Yes, I’m the first to admit that our methods to assess exposure to air pollution are imperfect. But, they allow us to efficiently quantify exposure for large segments of the population. (We really do need these data on large populations to be able to see evidence of the relatively small increased risks for various health effects.) And, while these exposure estimates might not capture the whole story, they are close enough to allow us to consistently see that air pollution is associated with premature mortality, cardiovascular disease, diabetes, asthma….and more.
In the future, I think we will see exciting refinements to these approaches, such as incorporating infiltration rates (to describe how outdoor pollutants enter indoor environments) or more personal behavior information.
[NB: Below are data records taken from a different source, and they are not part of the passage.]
(* Let $C>0$ and $a,b\in\mathbb{R}$, and let $w(x)=Ce^{ax+b}$. For $\sigma>0$ and $x,y\in\mathbb{R}$ define the one-step transition density $$p_1(x\mid y,\sigma,C,a,b)=\frac{k_\sigma(x;y)\,w(x)}{\int_{\mathbb{R}}k_\sigma(z;y)\,w(z)\,\mathrm{d}z},$$ where $k_\sigma(\cdot;y)$ is the Gaussian density with mean $y$ and standard deviation $\sigma$, and for $n\in\mathbb{N}$ define the $n$-step density $$p_n(x_n\mid x_0,\sigma,C,a,b)=\int_{\mathbb{R}^{n-1}}\prod_{k=1}^{n}p_1(x_k\mid x_{k-1},\sigma,C,a,b)\,\mathrm{d}x_1\cdots\mathrm{d}x_{n-1}.$$ Then the model is robust of degree $n$ for every $n\in\mathbb{N}$ with parameter transformation $g_n(\sigma,C,a,b)=(\sqrt{n}\,\sigma,C,a,b)$; that is, for all $n\in\mathbb{N}$, $\sigma>0$ and $x,y\in\mathbb{R}$, $$p_n(x\mid y,\sigma,C,a,b)=p_1(x\mid y,\sqrt{n}\,\sigma,C,a,b).$$
   Context: This concerns a one-dimensional discrete-time Markov movement model (locations $X_t\in\mathbb{R}$ at times $0,\tau,2\tau,\dots$) whose one-step transition density is a Gaussian movement kernel multiplied by a positive spatial weighting function $w$ and renormalized, as written in the claim. A model is called robust of degree $n$ if there is an injective map $g_n$ on the parameter space with $p_n(x\mid y,\bm\theta)=p_1(x\mid y,g_n(\bm\theta))$ for all $x,y$. *)

From HB Require Import structures.
From mathcomp Require Import all_boot all_order all_algebra.
From mathcomp Require Import all_classical all_reals all_analysis.
Set Implicit Arguments. Unset Strict Implicit. Unset Printing Implicit Defensive.
Import Order.TTheory GRing.Theory Num.Theory.
Import numFieldNormedType.Exports.
Local Open Scope classical_set_scope.
Local Open Scope ring_scope.

Section Model.
Context {R : realType}.

Definition kern (sigma y x : R) : R := normal_pdf y sigma x.

Definition wfun (C a b x : R) : R := C * expR (a * x + b).

Definition p1 (sigma C a b : R) (x y : R) : R :=
  kern sigma y x * wfun C a b x /
  (\int[@lebesgue_measure R]_(z in [set: R]) (kern sigma y z * wfun C a b z)).

(* pn_aux m x x0 = p_{m+1}(x | x0): the integral over R^m of the product
   prod_{k=1}^{m+1} p_1(x_k | x_{k-1}) written as an iterated integral
   (integrating out the intermediate locations one at a time). *)
Fixpoint pn_aux (m : nat) (sigma C a b : R) (x x0 : R) : R :=
  match m with
  | 0 => p1 sigma C a b x x0
  | m'.+1 => \int[@lebesgue_measure R]_(z in [set: R])
               (pn_aux m' sigma C a b z x0 * p1 sigma C a b x z)
  end.

Definition pn (n : nat) (sigma C a b : R) (x x0 : R) : R :=
  pn_aux n.-1 sigma C a b x x0.

End Model.

(** Multiplying a Gaussian kernel by an exponential weight only shifts its
    mean (completing the square), so [p1 x y] is the density of
    [N(y + a sigma^2, sigma^2)] at [x]: a Gaussian random walk with drift.
    Composing [n] steps of it convolves Gaussians, which adds means and
    variances, giving [N(y + n a sigma^2, n sigma^2)] — the one-step density
    for the standard deviation [sqrt n * sigma]. *)
From HB Require Import structures.
From mathcomp Require Import all_boot all_order all_algebra.
From mathcomp Require Import all_classical all_reals all_analysis.
From mathcomp Require Import ring.
Import Order.TTheory GRing.Theory Num.Theory.
Local Open Scope ring_scope.

Section gaussian_algebra.
Context {R : realType}.
Implicit Types m s t x z : R.

Lemma normal_pdf_peak_fun m s x : s != 0 ->
  normal_pdf m s x = normal_peak s * normal_fun m s x.
Proof. by move=> s0; rewrite /normal_pdf (negbTE s0). Qed.

Lemma RintegralZ_normal_pdf (K m s : R) :
  \int[@lebesgue_measure R]_(z in [set: R]) (K * normal_pdf m s z) = K.
Proof.
rewrite RintegralZl //; last exact: integrable_normal_pdf.
by rewrite /Rintegral integral_normal_pdf mulr1.
Qed.

Lemma normal_pdf_eq_sqr m s t x : s != 0 -> t != 0 -> s ^+ 2 = t ^+ 2 ->
  normal_pdf m s x = normal_pdf m t x.
Proof.
move=> s0 t0 st; rewrite !normal_pdf_peak_fun //.
by rewrite /normal_peak /normal_fun st.
Qed.

Lemma normal_pdf_shift m s c x : s != 0 ->
  normal_pdf (m + c) s x = normal_pdf m s (x - c).
Proof.
move=> s0; rewrite !normal_pdf_peak_fun // /normal_fun.
by rewrite opprD addrA addrAC.
Qed.

Lemma normal_pdf_sym m s x : s != 0 -> normal_pdf m s x = normal_pdf x s m.
Proof.
by move=> s0; rewrite !normal_pdf_peak_fun // /normal_fun -sqrrN opprB.
Qed.

Lemma normal_fun_tilt m s a z : s != 0 ->
  normal_fun m s z * expR (a * z) =
  expR (a * m + a ^+ 2 * s ^+ 2 / 2) * normal_fun (m + a * s ^+ 2) s z.
Proof.
move=> s0; rewrite /normal_fun -!expRD; congr expR.
by rewrite !mulr2n; field; rewrite -mulr2n mulrn_eq0 sqrf_eq0 s0.
Qed.

Section product.
Variables (m1 m2 s1 s2 : R).
Hypotheses (s10 : s1 != 0) (s20 : s2 != 0).

Let T := s1 ^+ 2 + s2 ^+ 2.

Let T_gt0 : 0 < T.
Proof. by rewrite addr_gt0 // exprn_even_gt0. Qed.

Let sqrT_sqr : Num.sqrt T ^+ 2 = T.
Proof. by rewrite sqr_sqrtr // ltW. Qed.

Let sqrT0 : Num.sqrt T != 0.
Proof. by rewrite gt_eqF // sqrtr_gt0. Qed.

Let u := s1 * s2 / Num.sqrt T.

Let u0 : u != 0.
Proof. by rewrite /u !mulf_neq0 // invr_neq0. Qed.

Let u_sqr : u ^+ 2 = s1 ^+ 2 * s2 ^+ 2 / T.
Proof. by rewrite expr_div_n exprMn sqrT_sqr. Qed.

Let normal_peakM :
  normal_peak s1 * normal_peak s2 = normal_peak (Num.sqrt T) * normal_peak u.
Proof.
have sqr_pi_ge0 r : 0 <= r ^+ 2 * pi *+ 2.
  by rewrite mulrn_wge0 // mulr_ge0 ?pi_ge0 ?sqr_ge0.
rewrite /normal_peak -!invfM -!sqrtrM ?sqr_pi_ge0 // sqrT_sqr u_sqr.
congr (Num.sqrt _)^-1; rewrite /T !mulr2n; field.
by rewrite gt_eqF.
Qed.

Let normal_funM z :
  normal_fun m1 s1 z * normal_fun m2 s2 z =
  normal_fun m1 (Num.sqrt T) m2 * normal_fun ((m1 * s2 ^+ 2 + m2 * s1 ^+ 2) / T) u z.
Proof.
rewrite /normal_fun -!expRD sqrT_sqr u_sqr; congr expR.
rewrite /T !mulr2n; field.
by rewrite !gt_eqF ?addr_gt0 ?exprn_even_gt0 ?mulf_neq0.
Qed.

Lemma normal_pdfM z :
  normal_pdf m1 s1 z * normal_pdf m2 s2 z =
  normal_pdf m1 (Num.sqrt T) m2 * normal_pdf ((m1 * s2 ^+ 2 + m2 * s1 ^+ 2) / T) u z.
Proof.
rewrite !normal_pdf_peak_fun //.
by rewrite mulrACA normal_peakM normal_funM mulrACA.
Qed.

End product.

Lemma Rintegral_normal_pdf_conv m x s1 s2 : s1 != 0 -> s2 != 0 ->
  \int[@lebesgue_measure R]_(z in [set: R]) (normal_pdf m s1 z * normal_pdf z s2 x) =
  normal_pdf m (Num.sqrt (s1 ^+ 2 + s2 ^+ 2)) x.
Proof.
move=> s10 s20.
under eq_Rintegral do rewrite [normal_pdf _ s2 x]normal_pdf_sym // normal_pdfM //.
exact: RintegralZ_normal_pdf.
Qed.

End gaussian_algebra.

Section transition_densities.
Context {R : realType}.
Variables (C a b : R).
Hypothesis C0 : C != 0.
Implicit Types s x y z : R.

Let sqrt_natS_mul_neq0 (k : nat) s : s != 0 -> Num.sqrt k.+1%:R * s != 0.
Proof. by move=> s0; rewrite mulf_neq0 // gt_eqF // sqrtr_gt0 ltr0n. Qed.

Lemma kern_wfun_tilt s y z : s != 0 ->
  kern s y z * wfun C a b z =
  C * expR (a * y + a ^+ 2 * s ^+ 2 / 2 + b) * normal_pdf (y + a * s ^+ 2) s z.
Proof.
move=> s0; rewrite /kern /wfun !normal_pdf_peak_fun // !(expRD _ b).
transitivity (C * expR b * normal_peak s * (normal_fun y s z * expR (a * z))).
  by ring.
by rewrite normal_fun_tilt //; ring.
Qed.

Lemma p1_normal_pdf s x y : s != 0 ->
  p1 s C a b x y = normal_pdf (y + a * s ^+ 2) s x.
Proof.
move=> s0; rewrite /p1.
under eq_Rintegral do rewrite kern_wfun_tilt //.
rewrite RintegralZ_normal_pdf kern_wfun_tilt // mulrAC divff ?mul1r //.
by rewrite mulf_neq0 // gt_eqF // expR_gt0.
Qed.

Lemma pn_aux_normal_pdf s m x y : s != 0 ->
  pn_aux m s C a b x y =
  normal_pdf (y + m.+1%:R * a * s ^+ 2) (Num.sqrt m.+1%:R * s) x.
Proof.
move=> s0; elim: m x => [|m IH] x /=.
  by rewrite p1_normal_pdf // sqrtr1 !mul1r.
have sd_sqr k : (Num.sqrt k.+1%:R * s) ^+ 2 = k.+1%:R * s ^+ 2.
  by rewrite exprMn sqr_sqrtr ?ler0n.
have var_add : (Num.sqrt m.+1%:R * s) ^+ 2 + s ^+ 2 = (Num.sqrt m.+2%:R * s) ^+ 2.
  by rewrite !sd_sqr -[m.+2%:R]natr1 mulrDl mul1r.
under eq_Rintegral do
  rewrite IH p1_normal_pdf // [normal_pdf _ s x]normal_pdf_shift //.
rewrite Rintegral_normal_pdf_conv ?sqrt_natS_mul_neq0 // var_add sqrtr_sqr.
rewrite (@normal_pdf_eq_sqr _ _ _ (Num.sqrt m.+2%:R * s))
  ?normr_eq0 ?sqrt_natS_mul_neq0 ?real_normK ?num_real //.
have mean_add : y + m.+1%:R * a * s ^+ 2 + a * s ^+ 2 = y + m.+2%:R * a * s ^+ 2.
  by rewrite -addrA -[m.+2%:R]natr1 mulrDl mulrDl mul1r.
by rewrite -normal_pdf_shift ?sqrt_natS_mul_neq0 // mean_add.
Qed.

Lemma pn_aux_p1 s m x y : s != 0 ->
  pn_aux m s C a b x y = p1 (Num.sqrt m.+1%:R * s) C a b x y.
Proof.
move=> s0; rewrite pn_aux_normal_pdf // p1_normal_pdf ?sqrt_natS_mul_neq0 //.
by rewrite exprMn sqr_sqrtr ?ler0n // (mulrCA a) (mulrA m.+1%:R a).
Qed.

End transition_densities.

Theorem theorem2 (R : realType) (C a b : R) (hC : 0 < C) :
  forall (n : nat), (0 < n)%N ->
  forall (sigma : R), 0 < sigma ->
  forall x y : R,
    pn n sigma C a b x y = p1 (Num.sqrt (n%:R) * sigma) C a b x y.
Proof.
move=> n n_gt0 s s_gt0 x y; rewrite -(prednK n_gt0).
by apply: pn_aux_p1; rewrite gt_eqF.
Qed.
We might also be able to assess the specific type of particle (ie: metal vs. carbon-based) rather than just evaluating by size (as is done now, in distinguishing between PM2.5 and. PM10); this is important because different particle types may be associated with different health effects. These additional details will increase the accuracy of our exposure assessment methods.
One final note to try to assuage any remaining doubts about epidemiological studies based on these methods. Take the case of PM2.5 and mortality, for example…. Sure, we might not trust one-off results from a study using a single exposure assessment method on a single population. But science moves forward incrementally, based on the results of many studies rather than a single finding. When we see similar results from many studies, even across different populations and based on different exposure assessment methods, we can have strong confidence that PM2.5 is associated with increased risk of death (for example).
In this way, I think that air pollution epidemiology is strengthened by the use of these various methods, each with their own pros and cons. It’s certainly good to be skeptical, though. I think our work (like all science) could benefit from some healthy questioning of the accepted approaches, which could prompt us to improve our methods.